正社員時代の会社は業界では結構なホワイト企業として知られていて、そこですら半年も耐えられなかった私は、「普通」の会社員としてやっていくことは明らかに不可能。

退職直後など、街でスーツ姿の人を見るだけで若干気分が悪くなるという具合でした。

働くのが苦であるのは間違いないけれど、何もしないのが楽かというとそういうこともない。

何をするでもなく、たまたまやっていたワールドカップでフランスが無双するのを眺めていた私ですが、毎日「何もしない」のもそれはそれでしんどい。
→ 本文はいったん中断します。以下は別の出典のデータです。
(* Let $I$ be a 1-absorbing primary hyperideal of $R$ that is not a primary hyperideal of $R$. Then $R$ is a local multiplicative hyperring.
   Context: Throughout, $R$ is a commutative multiplicative hyperring ($(R,+)$ abelian group, $\circ$ a commutative associative hyperoperation into nonempty subsets, $a\circ(b+c)\subseteq a\circ b+a\circ c$, $a\circ(-b)=(-a)\circ b=-(a\circ b)$; $A\circ B=\bigcup a\circ b$), with identity $1$ ($a\in a\circ 1$); $x$ is a unit if $1\in x\circ y$ for some $y$. All hyperideals are $\mathbf{C}$-hyperideals (for any finite product $A=r_1\circ\cdots\circ r_n$, $A\cap I\neq\emptyset\Rightarrow A\subseteq I$). $\sqrt I=\{r:r^n\subseteq I\text{ for some }n\}$. Primary hyperideal: nonzero proper $Q$ with $x\circ y\subseteq Q\Rightarrow x\in Q$ or $y\in\sqrt Q$. 1-absorbing primary hyperideal: proper $I$ such that for all nonunit $x,y,z$, $x\circ y\circ z\subseteq I$ implies $x\circ y\subseteq I$ or $z\in\sqrt I$. $R$ is local if it has a unique maximal hyperideal. *)

From mathcomp Require Import all_boot all_algebra.
Set Implicit Arguments. Unset Strict Implicit. Unset Printing Implicit Defensive.
Import GRing.Theory.
Local Open Scope ring_scope.

Section Hyper.
Variable R : zmodType.

Definition hsub (A B : R -> Prop) : Prop := forall z, A z -> B z.
Definition hseteq (A B : R -> Prop) : Prop := forall z, A z <-> B z.
Definition hsing (x : R) : R -> Prop := fun z => z = x.
Definition hsadd (A B : R -> Prop) : R -> Prop :=
  fun z => exists a b, A a /\ B b /\ z = a + b.
Definition hsopp (A : R -> Prop) : R -> Prop := fun z => A (- z).

Variable hm : R -> R -> (R -> Prop).
Variable one : R.

Definition hsmul (A B : R -> Prop) : R -> Prop :=
  fun z => exists a b, A a /\ B b /\ hm a b z.

Definition hprod (r : R) (rs : seq R) : R -> Prop :=
  foldl (fun A x => hsmul A (hsing x)) (hsing r) rs.

(* r^(n+1) *)
Definition hpow (r : R) (n : nat) : R -> Prop := hprod r (nseq n r).

Record mhyperring : Prop := {
  hm_nonempty : forall a b, exists z, hm a b z;
  hm_comm : forall a b, hseteq (hm a b) (hm b a);
  hm_assoc : forall a b c,
     hseteq (hsmul (hm a b) (hsing c)) (hsmul (hsing a) (hm b c));
  hm_distr : forall a b c, hsub (hm a (b + c)) (hsadd (hm a b) (hm a c));
  hm_oppr : forall a b, hseteq (hm a (- b)) (hsopp (hm a b));
  hm_oppl : forall a b, hseteq (hm (- a) b) (hsopp (hm a b));
  hm_one : forall a, hm a one a
}.

Definition hunit (x : R) : Prop := exists y, hm x y one.

(* hyperideals; by the standing convention every hyperideal is a C-hyperideal *)
Definition hyperideal (I : R -> Prop) : Prop :=
  [/\ I 0,
      (forall a b, I a -> I b -> I (a - b)),
      (forall r a, I a -> hsub (hm r a) I) &
      (forall r rs, (exists z, hprod r rs z /\ I z) -> hsub (hprod r rs) I)].

Definition hproper (I : R -> Prop) : Prop := exists x, ~ I x.

Definition hrad (I : R -> Prop) : R -> Prop :=
  fun r => exists n, hsub (hpow r n) I.

Definition primary_cond (Q : R -> Prop) : Prop :=
  forall x y, hsub (hm x y) Q -> Q x \/ hrad Q y.
Definition primary_hyperideal (Q : R -> Prop) : Prop :=
  [/\ hyperideal Q, (exists x, Q x /\ x <> 0), hproper Q & primary_cond Q].

Definition one_absorbing_primary (I : R -> Prop) : Prop :=
  [/\ hyperideal I, hproper I &
      forall x y z, ~ hunit x -> ~ hunit y -> ~ hunit z ->
        hsub (hprod x [:: y; z]) I -> hsub (hm x y) I \/ hrad I z].

Definition maximal_hyperideal (M : R -> Prop) : Prop :=
  [/\ hyperideal M, hproper M &
      forall J, hyperideal J -> hproper J -> hsub M J -> hsub J M].

Definition hlocal : Prop :=
  exists M, maximal_hyperideal M /\
    forall N, maximal_hyperideal N -> hseteq N M.

End Hyper.

From mathcomp Require Import all_boot all_algebra.
From Stdlib Require Import Classical.
Import GRing.Theory.
Local Open Scope ring_scope.
Set Implicit Arguments.
Unset Strict Implicit.

(* Since I is not primary, there are a, b with a o b in I, a not in I and
   b not in rad I.  Feeding c o a o b (c a nonunit) to the 1-absorbing
   condition yields c o a in I for EVERY nonunit c.  This "annihilation"
   property makes the set of nonunits a hyperideal: if c - d were a unit for
   nonunits c, d, distributivity would put (c - d) o a inside I, and
   cancelling the unit would put a in I.  Finally, whenever the nonunits form
   a hyperideal, it is the unique maximal hyperideal, since a proper
   hyperideal contains no unit. *)

Section MultiplicativeHyperring.
Variables (R : zmodType) (hm : R -> R -> (R -> Prop)) (one : R).
Hypothesis HR : mhyperring hm one.

Definition nonunit (x : R) : Prop := ~ hunit hm one x.

(* A proper hyperideal contains no unit: with u in J, also 1 in u o y lies
   in J, hence every x in x o 1 does. *)
Lemma proper_hyperideal_no_unit (J : R -> Prop) (u : R) :
  hyperideal hm J -> hproper J -> hunit hm one u -> ~ J u.
Proof.
move=> [_ _ Jmul _] [x Jx] [y uy1] Ju; apply: Jx.
have J1 : J one by apply: (Jmul y u Ju); apply/(hm_comm HR).
exact: (Jmul x one J1 x (hm_one HR x)).
Qed.

(* Units cancel inside hyperideals: if u is a unit and u o b lies in I,
   then b lies in I, because b is in b o 1 with 1 in u o y. *)
Lemma unit_cancel (I : R -> Prop) (u b : R) :
  hyperideal hm I -> hunit hm one u -> hsub (hm u b) I -> I b.
Proof.
move=> [_ _ Imul _] [y uy1] ubI.
have : hsmul hm (hsing b) (hm u y) b by exists b, one; do !split=> //; exact: (hm_one HR).
move/(hm_assoc HR b u y) => [w [v [bu_w [-> wy_b]]]].
have Iw : I w by apply: ubI; apply/(hm_comm HR).
by apply: (Imul y w Iw); apply/(hm_comm HR).
Qed.

(* A factor of a unit is a unit: if z in r o x has z o y containing 1,
   then 1 lies in x o v for some v in r o y. *)
Lemma unit_factor (r x z : R) :
  hm r x z -> hunit hm one z -> hunit hm one x.
Proof.
move=> rxz [y zy1].
have : hsmul hm (hm x r) (hsing y) one.
  by exists z, y; split=> //; apply/(hm_comm HR).
by move/(hm_assoc HR x r y) => [_ [v [-> [_ xv1]]]]; exists v.
Qed.

Lemma hprod_rcons (r : R) (rs : seq R) (a : R) :
  hprod hm r (rcons rs a) = hsmul hm (hprod hm r rs) (hsing a).
Proof. by rewrite /hprod foldl_rcons. Qed.

(* Locality criterion: if the nonunits form a hyperideal, it is the unique
   maximal hyperideal, since every proper hyperideal consists of nonunits. *)
Lemma local_of_nonunit_hyperideal : hyperideal hm nonunit -> hlocal hm.
Proof.
move=> Mideal.
have in_nonunit J : hyperideal hm J -> hproper J -> hsub J nonunit.
  by move=> HJ HJp x Jx ux; exact: (proper_hyperideal_no_unit HJ HJp ux Jx).
have Mproper : hproper nonunit by exists one; apply; exists one; exact: (hm_one HR).
exists nonunit; split; first by split=> // J HJ HJp _; exact: in_nonunit.
move=> N [HN HNp Nmax] z; split; first exact: in_nonunit.
exact: (Nmax _ Mideal Mproper (in_nonunit N HN HNp)).
Qed.

Lemma nonunit_hyperideal (I : R -> Prop) (a : R) :
  hyperideal hm I -> hproper I -> ~ I a ->
  (forall c, nonunit c -> hsub (hm c a) I) -> hyperideal hm nonunit.
Proof.
move=> HI HIp aI annih; have [I0 Isub _ IC] := HI.
have unit_not_annih u : hunit hm one u -> ~ hsub (hm a u) I.
  by move=> uu auI; apply: aI; apply: (unit_cancel HI uu) => z /(hm_comm HR); exact: auI.
split.
- by move=> u0; exact: (proper_hyperideal_no_unit HI HIp u0 I0).
- move=> c d c_nu d_nu ucd; apply: (unit_not_annih _ ucd) => z.
  move/(hm_distr HR) => [p [q [ap [/(hm_oppr HR) amdq ->]]]].
  rewrite -[q]opprK; apply: Isub.
  + by apply: (annih c c_nu); apply/(hm_comm HR).
  + by apply: (annih d d_nu); apply/(hm_comm HR).
- by move=> r x x_nu z rxz uz; apply: x_nu; exact: (unit_factor rxz uz).
- move=> r rs [z [prod_z z_nu]] w prod_w uw; apply: (unit_not_annih _ uw).
  have [t zat] := hm_nonempty HR z a.
  have prodaI : hsub (hprod hm r (rcons rs a)) I.
    by apply: IC; exists t; rewrite hprod_rcons; split;
      [exists z, a | exact: (annih z z_nu)].
  move=> s /(hm_comm HR) was; apply: prodaI; rewrite hprod_rcons.
  by exists w, a.
Qed.

Lemma not_primary_witness (I : R -> Prop) :
  ~ primary_cond hm I ->
  exists a b, [/\ hsub (hm a b) I, ~ I a & ~ hrad hm I b].
Proof.
move=> notprim; apply: NNPP => nowit; apply: notprim => x y xyI.
case: (classic (I x)) => [|xI]; first by left.
case: (classic (hrad hm I y)) => [|yrad]; first by right.
by case: nowit; exists x, y.
Qed.

(* Indeed c o a o b lies in I, a and b are nonunits, and b is not in rad I. *)
Lemma one_absorbing_annihilation (I : R -> Prop) (a b : R) :
  one_absorbing_primary hm one I ->
  hsub (hm a b) I -> ~ I a -> ~ hrad hm I b ->
  forall c, nonunit c -> hsub (hm c a) I.
Proof.
move=> [HI _ absorb] abI aI brad c c_nu.
have bI : ~ I b by move=> Ib; apply: brad; exists 0%N => z ->.
have a_nu : nonunit a by move=> ua; exact: bI (unit_cancel HI ua abI).
have b_nu : nonunit b.
  by move=> ub; apply: aI; apply: (unit_cancel HI ub) => z /(hm_comm HR); exact: abI.
have cabI : hsub (hprod hm c [:: a; b]) I.
  move=> z [w [_ [[_ [_ [-> [-> caw]]]] [-> wbz]]]].
  have : hsmul hm (hm c a) (hsing b) z by exists w, b.
  move/(hm_assoc HR c a b) => [_ [v [-> [abv cvz]]]].
  by have [_ _ Imul _] := HI; exact: (Imul c v (abI v abv)).
by case: (absorb c a b c_nu a_nu b_nu cabI).
Qed.

End MultiplicativeHyperring.

Theorem mainTheorem6 (R : zmodType) (hm : R -> R -> (R -> Prop)) (one : R)
  (HR : mhyperring hm one) (I : R -> Prop) :
  one_absorbing_primary hm one I ->
  ~ primary_cond hm I ->
  hlocal hm.
Proof.
move=> Iabs notprim.
have [a [b [abI aI brad]]] := not_primary_witness notprim.
have annih := one_absorbing_annihilation HR Iabs abI aI brad.
have [HI HIp _] := Iabs.
apply: (local_of_nonunit_hyperideal HR).
exact: (nonunit_hyperideal HR HI HIp aI annih).
Qed.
当時はガッツリ抑うつが入っていたので、本当にただ鬱々としているだけ。

そして、頼んでもいないのに減っていく金。

たまに上野公園に散歩に行くと路上生活者が昼間から酒盛りをしていたりするけど、自分には一緒に酒盛りをする友だちもいませんでした。

もとからそんなに友だちがいないってのもさることながら、やはり退職すると会社でできた友人とは疎遠になるものらしく、結局辞めてから今に至るまで同期の友達とは一度も会ってないですね。

それからしばらくしてフリーターになりました。

社会不適合者を自覚する前は、「フリーター」という単語に漠然とヤバいイメージを持っていたけれど、なってみるとこれが意外と快適でした。やはり先入観は良くない。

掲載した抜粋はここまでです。